• _WHAT YOU HAVE TO DO_:
Tally up the lines in the material where the word "coassociative" appears, then give the total and nothing else.

=== DATA EXTRACTS ===

(* Let $(A,\Delta,\epsilon)$ be a biunital bialgebra over $k$, and let $W$ be the left ideal of $A\otimes A$ generated by $\{\epsilon(a)(1\otimes 1)-\Delta(a)\mid a\in A\}$. Then the left $A\otimes A$-module $(A\otimes A)/W$ is a preantipode for the modulation $(A,\boldsymbol{\Delta},\boldsymbol{\epsilon})$ of $A$ (where $\boldsymbol\Delta$ is $A\otimes A$ with left $A\otimes A$-action by multiplication and right $A$-action $x\cdot b=x\Delta(b)$, and $\boldsymbol\epsilon=k$ with right $A$-action $\lambda\cdot b=\lambda\epsilon(b)$). If moreover $A$ is a Hopf algebra with antipode $S$, then $(A\otimes A)/W$ is isomorphic, as an $(A,A^{op})$-bimodule, to the modulation $\mathbf{S}$ of $S$ (viewed as a homomorphism $A^{op}\to A$), namely $A$ with $a\cdot x\cdot b=a\,x\,S(b)$, via $[a\otimes b]\mapsto aS(b)$; consequently $(A,\boldsymbol\Delta,\boldsymbol\epsilon,\mathbf S)$ is a hopfish algebra.
   Context: $k$ is a commutative ring, $\otimes=\otimes_k$, and ${}^*$ denotes the $k$-dual. A sesquiunital sesquialgebra over $k$ is a unital $k$-algebra $A$ with an $(A\otimes A,A)$-bimodule $\boldsymbol\Delta$ (coproduct) and a right $A$-module $\boldsymbol\epsilon$ (counit) such that $(A\otimes\boldsymbol\Delta)\otimes_{A\otimes A}\boldsymbol\Delta\cong(\boldsymbol\Delta\otimes A)\otimes_{A\otimes A}\boldsymbol\Delta$ as $(A\otimes A\otimes A,A)$-bimodules, and $(\boldsymbol\epsilon\otimes A)\otimes_{A\otimes A}\boldsymbol\Delta$ and $(A\otimes\boldsymbol\epsilon)\otimes_{A\otimes A}\boldsymbol\Delta$ are both isomorphic to $A$ as $(A,A)$-bimodules. The space $Z'=\mathrm{Hom}_A(\boldsymbol\epsilon,\boldsymbol\Delta)$ of right $A$-module maps is a right $A\otimes A$-module via $(g b)(u)=g(bu)$. A preantipode is a left $A\otimes A$-module $\mathbf S$ together with an isomorphism of right $A\otimes A$-modules $\mathbf S^*\cong Z'$; $\mathbf S$ is regarded as an $(A,A^{op})$-bimodule (left $A$ from the first factor, right $A^{op}$ from the second). A preantipode is an antipode, and $A$ with it is a hopfish algebra, if $\mathbf S$ is free of rank one as a left $A$-module. *)

From HB Require Import structures.
From mathcomp Require Import all_boot all_order all_algebra.
Set Implicit Arguments. Unset Strict Implicit. Unset Printing Implicit Defensive.
Import GRing.Theory.
Local Open Scope ring_scope.

Section HopfishDefs.
Variable k : comNzRingType.

Definition klinear (U V : lmodType k) (f : U -> V) : Prop :=
  forall (c : k) (x y : U), f (c *: x + y) = c *: f x + f y.

Definition kform (U : lmodType k) (f : U -> k) : Prop :=
  forall (c : k) (x y : U), f (c *: x + y) = c * f x + f y.

Definition bilinear (U V W : lmodType k) (f : U -> V -> W) : Prop :=
  (forall v, klinear (fun u => f u v)) /\ (forall u, klinear (f u)).

Definition trilinear (U W : lmodType k) (f : U -> U -> U -> W) : Prop :=
  (forall y z, klinear (fun x => f x y z)) /\
  (forall x z, klinear (fun y => f x y z)) /\
  (forall x y, klinear (f x y)).

Definition is_tensor (U V T : lmodType k) (t : U -> V -> T) : Prop :=
  bilinear t /\
  forall (M : lmodType k) (f : U -> V -> M), bilinear f ->
    exists! g : T -> M, klinear g /\ forall u v, g (t u v) = f u v.

Definition is_tensor3 (U T : lmodType k) (t3 : U -> U -> U -> T) : Prop :=
  trilinear t3 /\
  forall (M : lmodType k) (f : U -> U -> U -> M), trilinear f ->
    exists! g : T -> M, klinear g /\ forall x y z, g (t3 x y z) = f x y z.

Definition is_tensor_algebra (A B : algType k) (t : A -> A -> B) : Prop :=
  is_tensor t /\ t 1 1 = 1 /\
  forall a b c d, t a b * t c d = t (a * c) (b * d).

Section Bialg.
Variables (A B : algType k) (t : A -> A -> B) (D : A -> B) (e : A -> k).

Definition counit_left : Prop :=
  exists g : B -> A, klinear g /\ (forall a b, g (t a b) = e a *: b) /\
                     forall a, g (D a) = a.

Definition counit_right : Prop :=
  exists g : B -> A, klinear g /\ (forall a b, g (t a b) = e b *: a) /\
                     forall a, g (D a) = a.

(* (D (x) id) o D = (id (x) D) o D, in any triple tensor product A(x)A(x)A *)
Definition coassociative : Prop :=
  forall (T : lmodType k) (t3 : A -> A -> A -> T), is_tensor3 t3 ->
  exists (El Er : A -> B -> T) (D1 D2 : B -> T),
    (forall y, klinear (El y) /\ forall p q, El y (t p q) = t3 p q y) /\
    (forall x, klinear (Er x) /\ forall p q, Er x (t p q) = t3 x p q) /\
    klinear D1 /\ (forall x y, D1 (t x y) = El y (D x)) /\
    klinear D2 /\ (forall x y, D2 (t x y) = Er x (D y)) /\
    forall a, D1 (D a) = D2 (D a).

Definition is_bialgebra : Prop :=
  (klinear D /\ (forall a b, D (a * b) = D a * D b) /\ D 1 = 1) /\
  (kform e /\ (forall a b, e (a * b) = e a * e b) /\ e 1 = 1) /\
  counit_left /\ counit_right /\ coassociative.

(* S is an antipode: m (S (x) id) D = m (id (x) S) D = unit o counit *)
Definition is_antipode (S : A -> A) : Prop :=
  klinear S /\
  (exists g : B -> A, klinear g /\ (forall a b, g (t a b) = S a * b) /\
                      forall a, g (D a) = e a *: 1) /\
  (exists g : B -> A, klinear g /\ (forall a b, g (t a b) = a * S b) /\
                      forall a, g (D a) = e a *: 1).

Definition Wideal (x : B) : Prop :=
  exists (n : nat) (y : 'I_n -> B) (a : 'I_n -> A),
    x = \sum_(i < n) y i * (e (a i) *: 1 - D (a i)).

Definition is_quotient_by (Q : lmodType k) (pi : B -> Q) (act : B -> Q -> Q)
  (Wp : B -> Prop) : Prop :=
  klinear pi /\ (forall q, exists x, pi x = q) /\
  (forall b x, pi (b * x) = act b (pi x)) /\
  (forall x, pi x = 0 <-> Wp x).

(* Z' : right A-module maps from Delta = (A(x)A, x.a = x D(a))
   to epsilon = (k, c.a = c e(a)); right B-module via (g b)(u) = g (b u) *)
Definition Zprime (g : B -> k) : Prop :=
  (forall x y, g (x + y) = g x + g y) /\
  (forall x a, g (x * D a) = g x * e a).

(* The left B-module (Q, act) is a preantipode for the modulation (A, Delta, epsilon):
   an isomorphism of right B-modules Q^* ~ Z'. *)
Definition is_preantipode (Q : lmodType k) (act : B -> Q -> Q) : Prop :=
  exists Phi : (Q -> k) -> (B -> k),
    (forall phi, kform phi -> Zprime (Phi phi)) /\
    (forall phi psi, kform phi -> kform psi ->
       Phi (fun q => phi q + psi q) = (fun u => Phi phi u + Phi psi u)) /\
    (forall phi b, kform phi ->
       Phi (fun q => phi (act b q)) = (fun u => Phi phi (b * u))) /\
    (forall phi psi, kform phi -> kform psi -> Phi phi = Phi psi -> phi = psi) /\
    (forall g, Zprime g -> exists phi, kform phi /\ Phi phi = g).

Definition free_rank_one (Q : lmodType k) (act : B -> Q -> Q) : Prop :=
  exists q0 : Q, forall q, exists! a : A, q = act (t a 1) q0.

Definition is_hopfish (Q : lmodType k) (act : B -> Q -> Q) : Prop :=
  is_preantipode act /\ free_rank_one act.

End Bialg.
End HopfishDefs.

From HB Require Import structures.
From mathcomp Require Import all_boot all_order all_algebra.
From mathcomp Require Import boolp.
Set Implicit Arguments. Unset Strict Implicit. Unset Printing Implicit Defensive.
Import GRing.Theory.
Local Open Scope ring_scope.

===

• _EXERCISE RESULT_:
2